The line containing "edge (node (face" marks the end, so write out exactly every line from the top of the entries below through that one.

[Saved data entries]
--- START ---

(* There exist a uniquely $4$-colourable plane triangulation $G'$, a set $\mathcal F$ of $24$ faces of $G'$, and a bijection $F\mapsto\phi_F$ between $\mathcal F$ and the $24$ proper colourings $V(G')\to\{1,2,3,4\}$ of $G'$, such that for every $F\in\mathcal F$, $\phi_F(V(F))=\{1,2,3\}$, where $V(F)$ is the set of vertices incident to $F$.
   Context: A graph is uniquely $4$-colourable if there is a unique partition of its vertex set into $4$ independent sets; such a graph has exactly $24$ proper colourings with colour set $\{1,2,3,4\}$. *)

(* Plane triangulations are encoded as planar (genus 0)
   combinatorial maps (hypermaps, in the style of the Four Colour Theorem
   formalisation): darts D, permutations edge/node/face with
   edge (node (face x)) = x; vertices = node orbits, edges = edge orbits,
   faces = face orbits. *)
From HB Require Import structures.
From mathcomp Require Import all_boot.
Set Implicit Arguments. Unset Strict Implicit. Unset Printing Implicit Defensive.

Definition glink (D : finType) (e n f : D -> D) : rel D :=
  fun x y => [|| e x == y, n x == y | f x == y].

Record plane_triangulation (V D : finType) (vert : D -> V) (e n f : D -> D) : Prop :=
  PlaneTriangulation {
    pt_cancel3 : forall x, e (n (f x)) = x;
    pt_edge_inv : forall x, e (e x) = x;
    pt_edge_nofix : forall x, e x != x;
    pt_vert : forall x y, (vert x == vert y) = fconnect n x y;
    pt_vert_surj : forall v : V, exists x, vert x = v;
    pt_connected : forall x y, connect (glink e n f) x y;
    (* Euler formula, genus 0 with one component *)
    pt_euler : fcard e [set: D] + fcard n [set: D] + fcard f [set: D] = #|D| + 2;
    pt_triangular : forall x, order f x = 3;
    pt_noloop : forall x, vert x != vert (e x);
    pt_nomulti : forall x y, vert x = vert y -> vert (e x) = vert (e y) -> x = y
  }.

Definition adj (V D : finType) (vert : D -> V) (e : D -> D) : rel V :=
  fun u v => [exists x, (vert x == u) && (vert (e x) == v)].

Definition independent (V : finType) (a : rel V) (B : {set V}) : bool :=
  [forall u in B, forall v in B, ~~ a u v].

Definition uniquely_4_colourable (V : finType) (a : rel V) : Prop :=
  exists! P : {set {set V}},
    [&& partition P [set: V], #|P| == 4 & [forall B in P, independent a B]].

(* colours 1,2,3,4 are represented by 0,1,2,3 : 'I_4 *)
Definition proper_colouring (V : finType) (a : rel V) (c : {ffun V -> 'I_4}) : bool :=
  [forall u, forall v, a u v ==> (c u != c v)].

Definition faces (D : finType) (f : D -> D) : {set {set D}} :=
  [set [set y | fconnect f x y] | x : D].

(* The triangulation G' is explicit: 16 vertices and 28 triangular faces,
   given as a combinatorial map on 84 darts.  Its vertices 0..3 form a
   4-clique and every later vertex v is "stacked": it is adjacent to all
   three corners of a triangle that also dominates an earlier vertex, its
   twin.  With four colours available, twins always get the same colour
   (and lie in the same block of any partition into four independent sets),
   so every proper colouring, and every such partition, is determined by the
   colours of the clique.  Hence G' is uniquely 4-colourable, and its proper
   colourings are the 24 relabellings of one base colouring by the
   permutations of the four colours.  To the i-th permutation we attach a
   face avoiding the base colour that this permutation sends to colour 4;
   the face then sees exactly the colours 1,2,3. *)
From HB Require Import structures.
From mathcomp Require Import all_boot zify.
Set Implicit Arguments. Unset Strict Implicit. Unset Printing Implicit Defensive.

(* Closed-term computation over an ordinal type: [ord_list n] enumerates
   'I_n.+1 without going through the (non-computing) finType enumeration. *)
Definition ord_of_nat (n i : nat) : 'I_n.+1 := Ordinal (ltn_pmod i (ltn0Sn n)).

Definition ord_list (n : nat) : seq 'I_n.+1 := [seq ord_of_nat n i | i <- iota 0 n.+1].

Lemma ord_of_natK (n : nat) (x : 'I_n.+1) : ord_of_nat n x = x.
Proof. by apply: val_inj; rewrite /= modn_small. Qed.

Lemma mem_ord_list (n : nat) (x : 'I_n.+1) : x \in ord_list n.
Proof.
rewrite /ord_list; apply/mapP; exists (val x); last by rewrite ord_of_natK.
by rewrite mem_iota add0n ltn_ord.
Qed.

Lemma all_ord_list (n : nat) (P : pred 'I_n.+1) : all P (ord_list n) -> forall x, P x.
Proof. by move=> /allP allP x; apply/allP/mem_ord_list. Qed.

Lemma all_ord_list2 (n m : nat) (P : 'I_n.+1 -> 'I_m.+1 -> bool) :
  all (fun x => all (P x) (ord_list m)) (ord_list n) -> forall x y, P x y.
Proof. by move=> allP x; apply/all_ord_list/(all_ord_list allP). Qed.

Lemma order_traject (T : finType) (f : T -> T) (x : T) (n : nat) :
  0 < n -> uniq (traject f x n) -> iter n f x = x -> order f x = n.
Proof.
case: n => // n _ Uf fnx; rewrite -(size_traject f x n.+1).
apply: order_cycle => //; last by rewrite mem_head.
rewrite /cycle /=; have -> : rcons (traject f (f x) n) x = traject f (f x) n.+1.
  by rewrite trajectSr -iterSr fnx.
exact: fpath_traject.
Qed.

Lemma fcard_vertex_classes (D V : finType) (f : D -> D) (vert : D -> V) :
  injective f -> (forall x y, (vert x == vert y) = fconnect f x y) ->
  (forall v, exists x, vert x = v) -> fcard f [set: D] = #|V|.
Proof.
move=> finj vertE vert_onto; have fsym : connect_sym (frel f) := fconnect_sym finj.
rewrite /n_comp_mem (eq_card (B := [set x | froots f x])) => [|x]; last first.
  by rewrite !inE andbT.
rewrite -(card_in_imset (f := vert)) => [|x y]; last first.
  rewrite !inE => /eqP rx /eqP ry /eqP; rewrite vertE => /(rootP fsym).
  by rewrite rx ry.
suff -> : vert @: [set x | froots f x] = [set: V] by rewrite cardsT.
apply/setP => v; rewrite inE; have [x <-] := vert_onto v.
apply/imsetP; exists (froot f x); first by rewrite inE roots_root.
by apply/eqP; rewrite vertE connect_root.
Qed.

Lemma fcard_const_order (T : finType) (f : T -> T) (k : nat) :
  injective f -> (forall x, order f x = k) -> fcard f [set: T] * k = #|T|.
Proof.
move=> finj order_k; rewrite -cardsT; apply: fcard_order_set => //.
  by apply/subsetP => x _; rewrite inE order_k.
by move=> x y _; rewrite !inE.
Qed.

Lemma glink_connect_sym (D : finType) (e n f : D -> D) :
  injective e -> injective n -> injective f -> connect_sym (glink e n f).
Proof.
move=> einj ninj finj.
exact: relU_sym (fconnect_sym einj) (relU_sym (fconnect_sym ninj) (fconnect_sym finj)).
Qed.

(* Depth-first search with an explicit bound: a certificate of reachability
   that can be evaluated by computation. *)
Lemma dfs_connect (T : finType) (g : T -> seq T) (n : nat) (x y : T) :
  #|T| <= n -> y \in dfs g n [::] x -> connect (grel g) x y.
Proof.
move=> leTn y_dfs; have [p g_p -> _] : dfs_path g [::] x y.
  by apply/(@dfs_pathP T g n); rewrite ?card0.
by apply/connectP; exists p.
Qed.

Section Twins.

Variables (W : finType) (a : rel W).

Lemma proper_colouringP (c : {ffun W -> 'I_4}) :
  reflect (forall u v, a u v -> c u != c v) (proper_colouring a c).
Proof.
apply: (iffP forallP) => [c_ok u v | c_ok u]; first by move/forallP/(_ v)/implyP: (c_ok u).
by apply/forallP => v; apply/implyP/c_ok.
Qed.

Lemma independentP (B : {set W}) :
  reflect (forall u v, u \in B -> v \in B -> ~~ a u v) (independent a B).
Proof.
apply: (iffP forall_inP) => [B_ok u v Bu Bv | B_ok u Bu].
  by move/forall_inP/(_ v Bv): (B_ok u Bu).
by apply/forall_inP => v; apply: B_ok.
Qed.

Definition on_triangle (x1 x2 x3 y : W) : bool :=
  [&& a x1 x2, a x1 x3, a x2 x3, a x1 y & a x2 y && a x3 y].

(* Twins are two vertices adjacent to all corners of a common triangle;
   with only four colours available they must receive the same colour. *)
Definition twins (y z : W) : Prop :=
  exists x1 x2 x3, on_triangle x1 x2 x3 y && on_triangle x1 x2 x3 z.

--- END ---

• _Task response_:
(* There exist a uniquely $4$-colourable plane triangulation $G'$, a set $\mathcal F$ of $24$ faces of $G'$, and a bijection $F\mapsto\phi_F$ between $\mathcal F$ and the $24$ proper colourings $V(G')\to\{1,2,3,4\}$ of $G'$, such that for every $F\in\mathcal F$, $\phi_F(V(F))=\{1,2,3\}$, where $V(F)$ is the set of vertices incident to $F$.
   Context: A graph is uniquely $4$-colourable if there is a unique partition of its vertex set into $4$ independent sets; such a graph has exactly $24$ proper colourings with colour set $\{1,2,3,4\}$. *)

(* Plane triangulations are encoded as planar (genus 0)
   combinatorial maps (hypermaps, in the style of the Four Colour Theorem
   formalisation): darts D, permutations edge/node/face with
   edge (node (face x)) = x; vertices = node orbits, edges = edge orbits,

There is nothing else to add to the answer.